*THE INPUT*
○ ○ ○

(* Suppose Assumption A holds with $\beta,\gamma\in(0,\infty)$. Fix $\mu>0$ and $\sigma\in\mathcal X$, let $\pi^{\mu,\sigma}$ be a perturbed equilibrium, and let $0<\eta\le\frac{2\mu\gamma\rho^2}{\mu^2\gamma\rho^2(\gamma+2\beta)+8L^2}$. Let $(\pi^t)_{t\ge0}$ be any sequence in $\mathcal X$ such that for all $t\ge0$, $$D_\psi(\pi^{\mu,\sigma},\pi^{t+1})-D_\psi(\pi^{\mu,\sigma},\pi^t)+D_\psi(\pi^{t+1},\pi^t)\le\eta\sum_{i=1}^N\langle\nabla_{\pi_i}v_i(\pi^t)-\mu\nabla_{\pi_i}G(\pi_i^t,\sigma_i),\pi_i^{t+1}-\pi_i^{\mu,\sigma}\rangle.$$ Then for all $t\ge0$, $$D_\psi(\pi^{\mu,\sigma},\pi^t)\le D_\psi(\pi^{\mu,\sigma},\pi^0)\Big(1-\frac{\eta\mu\gamma}2\Big)^t.$$
   Context: Game. Let $N\ge1$. For each $i\in[N]$, $\mathcal X_i\subseteq\mathbb R^{d_i}$ is a nonempty compact convex set, and $\mathcal X=\prod_i\mathcal X_i$. Each $v_i:\mathcal X\to\mathbb R$ is differentiable, with block gradient $\nabla_{\pi_i}v_i$. The norm is Euclidean, with $\|\pi\|^2=\sum_i\|\pi_i\|^2$. The game is monotone: $\sum_i\langle\nabla_{\pi_i}v_i(\pi)-\nabla_{\pi_i}v_i(\pi'),\pi_i-\pi_i'\rangle\le0$. The game is $L$-smooth: $\sum_i\|\nabla_{\pi_i}v_i(\pi)-\nabla_{\pi_i}v_i(\pi')\|^2\le L^2\|\pi-\pi'\|^2$. Regularizer. $\psi:\mathcal X_i\to\mathbb R$ is differentiable and $\rho$-strongly convex with respect to $\|\cdot\|$. Bregman divergence: $D_\psi(x,y)=\psi(x)-\psi(y)-\langle\nabla\psi(y),x-y\rangle$, and $D_\psi(\pi,\pi')=\sum_iD_\psi(\pi_i,\pi_i')$. Perturbation. $G:\mathcal X_i\times\mathcal X_i\to[0,\infty)$ is differentiable in its first argument, with gradient $\nabla_{\pi_i}G$ in that argument. $G(\cdot,\sigma_i)$ is strictly convex with minimum $0$ at $\sigma_i$. For $\mu>0$ and $\sigma\in\mathcal X$, $\pi^{\mu,\sigma}$ is a profile with $\pi_i^{\mu,\sigma}\in\arg\max_{\pi_i}\{v_i(\pi_i,\pi^{\mu,\sigma}_{-i})-\mu G(\pi_i,\sigma_i)\}$ for all $i$. Assumption A: for all $\sigma_i,\pi_i,\pi_i'\in\mathcal X_i$, $$\gamma D_\psi(\pi_i',\pi_i)\le G(\pi_i',\sigma_i)-G(\pi_i,\sigma_i)-\langle\nabla_{\pi_i}G(\pi_i,\sigma_i),\pi_i'-\pi_i\rangle\le\beta D_\psi(\pi_i',\pi_i).$$ *)

From HB Require Import structures.
From mathcomp Require Import all_boot all_order all_algebra.
From mathcomp Require Import all_classical all_reals all_analysis.
Set Implicit Arguments. Unset Strict Implicit. Unset Printing Implicit Defensive.
Import Order.TTheory GRing.Theory Num.Theory.
Import numFieldNormedType.Exports.
Local Open Scope classical_set_scope.
Local Open Scope ring_scope.

Section Defs.
Variable R : realType.

Definition dotv n (u v : 'rV[R]_n) : R := \sum_(j < n) u ord0 j * v ord0 j.
Definition sqnorm n (u : 'rV[R]_n) : R := dotv u u.
Definition enorm n (u : 'rV[R]_n) : R := Num.sqrt (sqnorm u).

Definition convex_set_rv n (A : set 'rV[R]_n) : Prop :=
  forall x y t, A x -> A y -> 0 <= t <= 1 -> A (t *: x + (1 - t) *: y).

Definition is_grad_on n (A : set 'rV[R]_n) (f : 'rV[R]_n -> R)
  (g : 'rV[R]_n -> 'rV[R]_n) : Prop :=
  forall x, A x -> forall e : R, 0 < e -> exists2 del : R, 0 < del &
    forall y, A y -> enorm (y - x) < del ->
      `| f y - f x - dotv (g x) (y - x) | <= e * enorm (y - x).

Definition strongly_convex_on n (rho : R) (A : set 'rV[R]_n) (f : 'rV[R]_n -> R) : Prop :=
  forall x y t, A x -> A y -> 0 <= t <= 1 ->
    f (t *: x + (1 - t) *: y) <=
      t * f x + (1 - t) * f y - rho / 2 * t * (1 - t) * sqnorm (x - y).

Definition strictly_convex_on n (A : set 'rV[R]_n) (f : 'rV[R]_n -> R) : Prop :=
  forall x y t, A x -> A y -> x != y -> 0 < t < 1 ->
    f (t *: x + (1 - t) *: y) < t * f x + (1 - t) * f y.

Definition bregman n (psi : 'rV[R]_n -> R) (gpsi : 'rV[R]_n -> 'rV[R]_n)
  (x y : 'rV[R]_n) : R := psi x - psi y - dotv (gpsi y) (x - y).

(* Strategy profiles of an N-player game with strategy spaces R^(d i). *)
Definition profile N (d : 'I_N -> nat) := forall i : 'I_N, 'rV[R]_(d i).

Definition in_prod N (d : 'I_N -> nat) (X : forall i, set 'rV[R]_(d i))
  (p : profile d) : Prop := forall i, X i (p i).

Definition psub N (d : 'I_N -> nat) (p q : profile d) : profile d :=
  fun i => p i - q i.

Definition pnorm N (d : 'I_N -> nat) (p : profile d) : R :=
  Num.sqrt (\sum_(i < N) sqnorm (p i)).

(* Unilateral deviation: replace block i of p by x. *)
Definition upd N (d : 'I_N -> nat) (p : profile d) (i : 'I_N) (x : 'rV[R]_(d i))
  : profile d :=
  fun j => match i =P j with
           | ReflectT e => ecast k ('rV[R]_(d k)) e x
           | ReflectF _ => p j
           end.

Definition is_pgrad_on N (d : 'I_N -> nat) (X : forall i, set 'rV[R]_(d i))
  (v : profile d -> R) (gv : forall j : 'I_N, profile d -> 'rV[R]_(d j)) : Prop :=
  forall p, in_prod X p -> forall e : R, 0 < e -> exists2 del : R, 0 < del &
    forall q, in_prod X q -> pnorm (psub q p) < del ->
      `| v q - v p - \sum_(j < N) dotv (gv j p) (q j - p j) | <= e * pnorm (psub q p).

Definition pbregman N (d : 'I_N -> nat)
  (psi : forall i : 'I_N, 'rV[R]_(d i) -> R)
  (gpsi : forall i : 'I_N, 'rV[R]_(d i) -> 'rV[R]_(d i))
  (p q : profile d) : R := \sum_(i < N) bregman (psi i) (gpsi i) (p i) (q i).

End Defs.

(* Writing D for the (product) Bregman divergence of psi, a = pi^t and
   b = pi^{t+1}, each block of the right-hand side of the update inequality
   is split as
     <g_i(a) - g_i(p), a_i - p_i> + <g_i(a) - g_i(p), b_i - a_i>
       + <g_i(p) - mu grad G(p_i), b_i - p_i>
       + mu <grad G(p_i) - grad G(a_i), b_i - p_i>,     p = pimu.
   The first terms sum to a nonpositive quantity (monotonicity), the second
   is bounded by Young's inequality, the third is nonpositive (first-order
   condition of the perturbed equilibrium) and the fourth is controlled by a
   three-point inequality coming from Assumption A.  Smoothness and the
   strong convexity of psi (D >= rho/2 |.|^2) then give the one-step
   contraction D(p, b) <= (1 - eta mu gamma / 2) D(p, a), and the theorem
   follows by induction. *)
From HB Require Import structures.
From mathcomp Require Import all_boot all_order all_algebra.
From mathcomp Require Import all_classical all_reals all_analysis.
From mathcomp Require Import ring lra.
Import Order.TTheory GRing.Theory Num.Theory.
Import numFieldNormedType.Exports.
Local Open Scope classical_set_scope.
Local Open Scope ring_scope.
Set Implicit Arguments. Unset Strict Implicit.

Section InnerProduct.
Variables (R : realType) (n : nat).
Implicit Types (u w z : 'rV[R]_n) (a : R).

Lemma dotvDl u w z : dotv (u + w) z = dotv u z + dotv w z.
Proof. by rewrite /dotv -big_split; apply: eq_bigr => j _; rewrite !mxE mulrDl. Qed.

Lemma dotvDr u w z : dotv z (u + w) = dotv z u + dotv z w.
Proof. by rewrite /dotv -big_split; apply: eq_bigr => j _; rewrite !mxE mulrDr. Qed.

Lemma dotvZl a u z : dotv (a *: u) z = a * dotv u z.
Proof. by rewrite /dotv mulr_sumr; apply: eq_bigr => j _; rewrite !mxE mulrA. Qed.

Lemma dotvZr a u z : dotv z (a *: u) = a * dotv z u.
Proof. by rewrite /dotv mulr_sumr; apply: eq_bigr => j _; rewrite !mxE mulrCA. Qed.

Lemma dotvNl u z : dotv (- u) z = - dotv u z.
Proof. by rewrite -scaleN1r dotvZl mulN1r. Qed.

Lemma dotvNr u z : dotv z (- u) = - dotv z u.
Proof. by rewrite -scaleN1r dotvZr mulN1r. Qed.

Lemma dotvBl u w z : dotv (u - w) z = dotv u z - dotv w z.
Proof. by rewrite dotvDl dotvNl. Qed.

Lemma dotvBr u w z : dotv z (u - w) = dotv z u - dotv z w.
Proof. by rewrite dotvDr dotvNr. Qed.

Lemma dotv0r z : dotv z 0 = 0.
Proof. by rewrite -(scale0r 0) dotvZr mul0r. Qed.

Lemma sqnorm_ge0 u : 0 <= sqnorm u.
Proof. by rewrite /sqnorm /dotv sumr_ge0 // => j _; rewrite -expr2 sqr_ge0. Qed.

Lemma sqnormB u w : sqnorm (u - w) = sqnorm (w - u).
Proof. by rewrite /sqnorm -opprB dotvNl dotvNr opprK. Qed.

Lemma enormZ a u : 0 <= a -> enorm (a *: u) = a * enorm u.
Proof.
move=> a0; rewrite /enorm /sqnorm dotvZl dotvZr mulrA -expr2.
by rewrite sqrtrM ?sqr_ge0 // sqrtr_sqr ger0_norm.
Qed.

Lemma segment_sub a u w : a *: u + (1 - a) *: w - w = a *: (u - w).
Proof. by rewrite scalerBl scale1r scalerBr -addrA [(w - _) - w]addrAC subrr add0r. Qed.

Lemma dotv_young e u w : 0 < e ->
  dotv u w <= e / 2 * sqnorm u + 1 / (2 * e) * sqnorm w.
Proof.
move=> e0; rewrite /sqnorm /dotv !mulr_sumr -big_split ler_sum // => j _.
set p := u ord0 j; set q := w ord0 j.
have square : e / 2 * (p * p) + 1 / (2 * e) * (q * q) - p * q
    = (e * p - q) ^+ 2 / (2 * e) by field; rewrite gt_eqF.
by rewrite -subr_ge0 square divr_ge0 ?sqr_ge0 // ltW ?mulr_gt0.
Qed.

End InnerProduct.

Section Calculus.
Variable R : realType.

(* This is how first-order information is extracted from the
   differentiability hypotheses. *)
Lemma slope_le (phi : R -> R) (g c K n : R) : 0 <= n ->
  (forall t, 0 < t < 1 -> phi t <= t * c + t ^+ 2 * K) ->
  (forall e, 0 < e -> exists2 del, 0 < del & forall t, 0 < t < 1 -> t * n < del ->
     t * g - e * (t * n) <= phi t) ->
  g <= c.
Proof.
move=> n0 phi_up phi_lo.
have approx e : 0 < e -> g <= c + e * (n + `|K|).
  move=> e0; have [del del0 Hdel] := phi_lo e e0.
  have n1 : 0 < n + 1 by lra.
  pose t := Num.min (2^-1) (Num.min e (del / (n + 1))).
  have t0 : 0 < t by rewrite !lt_min invr_gt0 e0 divr_gt0 //; lra.
  have [t_half t_e t_del] : [/\ t <= 2^-1, t <= e & t <= del / (n + 1)].
    by move: (le_refl t); rewrite {1}/t !le_min => /and3P.
  have t01 : 0 < t < 1.
    by rewrite t0 (le_lt_trans t_half) // invf_lt1 //; lra.
  have tn : t * n < del by move: t_del; rewrite ler_pdivlMr //; nra.
  have tK : t * K <= e * `|K|.
    by apply: le_trans (ler_wpM2l (ltW t0) (ler_norm K)) _; rewrite ler_wpM2r.
  have := Hdel t t01 tn; have := phi_up t t01.
  have -> : t ^+ 2 * K = t * (t * K) by rewrite expr2 mulrA.
  move=> up lo; have : t * (g - c - e * n - t * K) <= 0 by lra.
  rewrite pmulr_rle0 //; lra.
apply/ler_addgt0Pr => e e0.
have C0 : 0 < n + `|K| + 1 by have := normr_ge0 K; lra.
have := approx (e / (n + `|K| + 1)) (divr_gt0 e0 C0).
have : e / (n + `|K| + 1) * (n + `|K|) <= e.
  by rewrite mulrAC ler_pdivrMr //; have := normr_ge0 K; nra.
lra.
Qed.

Lemma grad_on_segment n (A : set 'rV[R]_n) f g x y :
  convex_set_rv A -> is_grad_on A f g -> A x -> A y ->
  forall e, 0 < e -> exists2 del, 0 < del & forall t, 0 < t < 1 ->
    t * enorm (x - y) < del ->
    `|f (t *: x + (1 - t) *: y) - f y - t * dotv (g y) (x - y)|
      <= e * (t * enorm (x - y)).
Proof.
move=> cA gA Ax Ay e e0; have [del del0 Hdel] := gA y Ay e e0.
exists del => // t /andP [t0 t1] tn.
have Az : A (t *: x + (1 - t) *: y) by apply: cA => //; rewrite !ltW.
by have := Hdel _ Az; rewrite segment_sub enormZ ?dotvZr ?(ltW t0) //; apply.
Qed.

Lemma bregman_ge_sqnorm n (A : set 'rV[R]_n) f g rho x y :
  convex_set_rv A -> is_grad_on A f g -> strongly_convex_on rho A f -> A x -> A y ->
  rho / 2 * sqnorm (x - y) <= bregman f g x y.
Proof.
move=> cA gA sA Ax Ay.
suff : dotv (g y) (x - y) <= f x - f y - rho / 2 * sqnorm (x - y).
  by rewrite /bregman; lra.
apply: (@slope_le (fun t => f (t *: x + (1 - t) *: y) - f y) _ _
  (rho / 2 * sqnorm (x - y)) (enorm (x - y)) (sqrtr_ge0 _)).
- move=> t /andP [t0 t1].
  have t01 : 0 <= t <= 1 by rewrite !ltW.
  have := sA x y t Ax Ay t01; lra.
- move=> e e0; have [del del0 Hdel] := grad_on_segment cA gA Ax Ay e0.
  exists del => // t t01 tn.
  by have := Hdel t t01 tn; rewrite ler_norml => /andP [lo _]; lra.
Qed.

End Calculus.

○ ○ ○

*EXERCISE GOAL*
Among the lines above, count those containing "each" and give only that count.

*RESPONSE TO THIS TASK*
2